## Your objective
Reproduce word for word every line of the entries below, from the line containing "(* Modules are" through the final line, and nothing else.
═══
(* Let $q$ be a prime power and $t\ge 2$ an integer. Then $OCAN(t,q+1,t,q-1)\le q^{t}-2$.
   Context: For positive integers $m,s$, the RT poset $[m\times s]$ is the set $\{1,\ldots,ms\}$ partitioned into $m$ blocks $B_i=\{is+1,\ldots,(i+1)s\}$ ($i=0,\ldots,m-1$); each block is a chain under the usual order of the integers, and elements of different blocks are incomparable. An anti-ideal is the complement of an ideal (a down-closed set). Given an $N\times n$ array over an alphabet $V$ of size $v$, a set of $t$ columns is covered if in the $N\times t$ subarray formed by those columns every $t$-tuple over $V$ appears as a row at least once. For positive integers with $2\le t\le ms$, an ordered covering array $OCA(N;t,m,s,v)$ is an $N\times ms$ array over an alphabet of size $v$ with columns labeled by the elements of $[m\times s]$ such that for every anti-ideal $J$ of size $t$ the set of columns labeled by $J$ is covered; $OCAN(t,m,s,v)$ is the smallest $N$ for which an $OCA(N;t,m,s,v)$ exists. *)

From mathcomp Require Import all_boot all_algebra matrix.
Set Implicit Arguments. Unset Strict Implicit. Unset Printing Implicit Defensive.

(* The RT poset [m x s]: its ms elements are represented 0-based by 'I_(m*s),
   the element k : 'I_(m*s) standing for k+1.  Block B_i consists of the k with
   k %/ s = i; inside a block the order is the integer order, and elements of
   different blocks are incomparable. *)
Definition rt_le (m s : nat) (x y : 'I_(m * s)) : bool :=
  (x %/ s == y %/ s) && (x <= y).

Definition rt_ideal (m s : nat) (I : {set 'I_(m * s)}) : bool :=
  [forall x, forall y, (rt_le x y && (y \in I)) ==> (x \in I)].

Definition rt_anti_ideal (m s : nat) (J : {set 'I_(m * s)}) : bool :=
  rt_ideal (~: J).

Definition covered (v N n : nat) (A : 'M['I_v]_(N, n)) (J : {set 'I_n}) : bool :=
  [forall f : {ffun 'I_n -> 'I_v}, [exists r : 'I_N, [forall c in J, A r c == f c]]].

Definition is_OCA (t m s v N : nat) (A : 'M['I_v]_(N, m * s)) : bool :=
  [forall J : {set 'I_(m * s)}, (rt_anti_ideal J && (#|J| == t)) ==> covered A J].

Definition OCA_exists (t m s v N : nat) : bool :=
  [exists A : 'M['I_v]_(N, m * s), is_OCA t A].

(* The array whose rows are all the words over the alphabet is an OCA. *)
Lemma OCA_exists_some (t m s v : nat) : exists N, OCA_exists t m s v N.
Proof.
exists #|{ffun 'I_(m * s) -> 'I_v}|.
apply/existsP; exists (\matrix_(i, j) (enum_val i : {ffun 'I_(m * s) -> 'I_v}) j)%R.
apply/forallP => J; apply/implyP => _.
apply/forallP => f; apply/existsP; exists (enum_rank f).
by apply/forall_inP => c _; rewrite mxE enum_rankK.
Qed.

Definition OCAN (t m s v : nat) : nat := ex_minn (OCA_exists_some t m s v).

(* Polynomials of degree < t over F_q, read through their Taylor coefficients
   at every point of the projective line, form an MDS code for the RT metric:
   if a polynomial vanishes on an anti-ideal of size t having a_x elements in
   the block of x, it has a root of multiplicity >= a_x at each finite x and
   degree < t - a_oo, hence it is zero.  Counting then shows that every pattern
   on such an anti-ideal is attained by exactly one polynomial, which gives an
   OCA(q^t; t, q+1, t, q).  Merging the symbols 0 and 1 makes the rows of the
   constant polynomials 0 and 1 redundant: a target pattern, lifted back with 0
   for the merged symbol, is attained by another row unless the lift is
   identically 0; in that case the two lifts carrying a single 1 at two
   different places are attained by two distinct rows other than 0, and at
   most one of them is the polynomial 1. *)
From mathcomp Require Import all_boot all_algebra matrix.
From mathcomp Require Import qpoly finfield zify.
Set Implicit Arguments. Unset Strict Implicit. Unset Printing Implicit Defensive.
Import GRing.Theory.

Lemma OCAN_le (t m s v N : nat) : OCA_exists t m s v N -> OCAN t m s v <= N.
Proof. by rewrite /OCAN; case: ex_minnP => n _; apply. Qed.

Lemma OCA_exists_of_rows (t m s v : nat) (T : finType) (S : {set T})
    (row : T -> 'I_(m * s) -> 'I_v) :
  (forall J : {set 'I_(m * s)}, rt_anti_ideal J -> #|J| = t ->
     forall f : 'I_(m * s) -> 'I_v, exists2 x, x \in S & {in J, row x =1 f}) ->
  OCA_exists t m s v #|S|.
Proof.
move=> row_cover; apply/existsP; exists (\matrix_(r, k) row (enum_val r) k)%R.
apply/forallP => J; apply/implyP => /andP[aJ /eqP card_J]; apply/forallP => f.
have [x xS agree] := row_cover J aJ card_J f.
apply/existsP; exists (enum_rank_in xS x); apply/forall_inP => k kJ.
by rewrite mxE enum_rankK_in // agree.
Qed.

Lemma card_le_interval (n lo hi : nat) (A : {set 'I_n}) :
  {in A, forall k : 'I_n, lo <= k < hi} -> #|A| <= hi - lo.
Proof.
move=> A_sub; rewrite cardE -(size_map val) -(size_iota lo (hi - lo)).
apply: uniq_leq_size => [|_ /mapP[k kA ->]].
  by rewrite (map_inj_uniq val_inj) enum_uniq.
rewrite mem_enum in kA; have /andP[lo_k k_hi] := A_sub k kA.
by rewrite mem_iota lo_k subnKC // (leq_trans lo_k (ltnW k_hi)).
Qed.

Lemma ord_mul_gt0r (m s : nat) (k : 'I_(m * s)) : 0 < s.
Proof. by have := leq_ltn_trans (leq0n k) (ltn_ord k); rewrite muln_gt0 => /andP[]. Qed.

Lemma card_onto_of_agree_inj (T I V : finType) (word : T -> I -> V) (J : {set I}) :
    #|T| = #|V| ^ #|J| -> (forall x y, {in J, word x =1 word y} -> x = y) ->
  forall f : I -> V, exists x, {in J, word x =1 f}.
Proof.
move=> card_T agree_inj f.
pose restr x := [ffun i : 'I_#|J| => word x (enum_val i)].
have restr_inj : injective restr.
  move=> x y /ffunP restr_xy; apply: agree_inj => k kJ.
  by have := restr_xy (enum_rank_in kJ k); rewrite !ffunE enum_rankK_in.
have : [ffun i => f (enum_val i)] \in codom restr.
  by apply: inj_card_onto; rewrite // card_ffun card_ord card_T.
case/codomP => x /ffunP restr_x; exists x => k kJ.
by have := restr_x (enum_rank_in kJ k); rewrite !ffunE enum_rankK_in.
Qed.
(* Module homomorphisms / isomorphisms between subquotients K1/I1 -> K2/I2
   of the ambient module, given on representatives. *)
Definition sq_hom (K1 I1 K2 I2 : chain -> Prop) (f : chain -> chain) : Prop :=
  [/\ forall x, K1 x -> K2 (f x),
      forall x y, K1 x -> K1 y -> I2 (csub (f (cadd x y)) (cadd (f x) (f y))),
      forall a x, K1 x -> I2 (csub (f (cscale a x)) (cscale a (f x))) &
      forall x, K1 x -> I1 x -> I2 (f x)].
Definition sq_surj (K1 K2 I2 : chain -> Prop) (f : chain -> chain) : Prop :=
  forall y, K2 y -> exists x, K1 x /\ I2 (csub (f x) y).
Definition sq_iso (K1 I1 K2 I2 : chain -> Prop) (f : chain -> chain) : Prop :=
  [/\ sq_hom K1 I1 K2 I2 f,
      forall x, K1 x -> I2 (f x) -> I1 x &
      sq_surj K1 K2 I2 f].

End DoubleComplex.

Arguments recI {R D} i r x.
Arguments donI {R D} i r x.
Arguments tdiff {R D} m u i r.
Arguments totZ {R} D _ _.
Arguments totB {R} D _ _.
Arguments peekaboo {R} D _ _.
Arguments limK {R} D _ _.
Arguments limI {R} D _ _.
Arguments limRK {R} D _ _.
Arguments limRI {R} D _ _.
Arguments kerK {R} D _ _.
Arguments kerI {R} D _ _.
Arguments cokK {R} D _ _.
Arguments cokI {R} D _ _.
Arguments prodRecK {R} D _ _.
Arguments prodRecI {R} D _ _.
Arguments prodDonK {R} D _ _.
Arguments prodDonI {R} D _ _.

From Pilot Require Import Defs.
From HB Require Import structures.
From mathcomp Require Import all_boot all_order all_algebra zify.
From Stdlib Require Import ClassicalEpsilon FunctionalExtensionality.
Import GRing.Theory.
Local Open Scope ring_scope.
Set Implicit Arguments. Unset Strict Implicit. Unset Printing Implicit Defensive.

(* Modules are handled through representatives: families
   [chain D] with an element at every position, the subquotients of Defs
   being given by predicates on such families.  The heart is
   the description of peekaboo cycles: their components lie in im c + im d,
   and such a cycle is homologous to a family of receptor cycles
   ([donI_intramural]); conversely, with exact columns, finitely many
   boundary corrections make any finite set of components of a family of
   receptor cycles vanish ([kill_step], [kill_iter]). *)

Lemma odd_succ (m : int) : odd (absz (m + 1)) = ~~ odd (absz m).
Proof.
case: m => k; first by rewrite -PoszD absz_nat addn1.
have -> : Negz k + 1 = - k%:Z by rewrite NegzE -addn1 PoszD opprD addrK.
by rewrite abszN absz_nat NegzE abszN absz_nat /= negbK.
Qed.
═══
## Solution
(* Modules are handled through representatives: families
   [chain D] with an element at every position, the subquotients of Defs
   being given by predicates on such families.  The heart is
   the description of peekaboo cycles: their components lie in im c + im d,
   and such a cycle is homologous to a family of receptor cycles
   ([donI_intramural]); conversely, with exact columns, finitely many
   boundary corrections make any finite set of components of a family of
   receptor cycles vanish ([kill_step], [kill_iter]). *)

Lemma odd_succ (m : int) : odd (absz (m + 1)) = ~~ odd (absz m).
Proof.
case: m => k; first by rewrite -PoszD absz_nat addn1.
have -> : Negz k + 1 = - k%:Z by rewrite NegzE -addn1 PoszD opprD addrK.
by rewrite abszN absz_nat NegzE abszN absz_nat /= negbK.
Qed.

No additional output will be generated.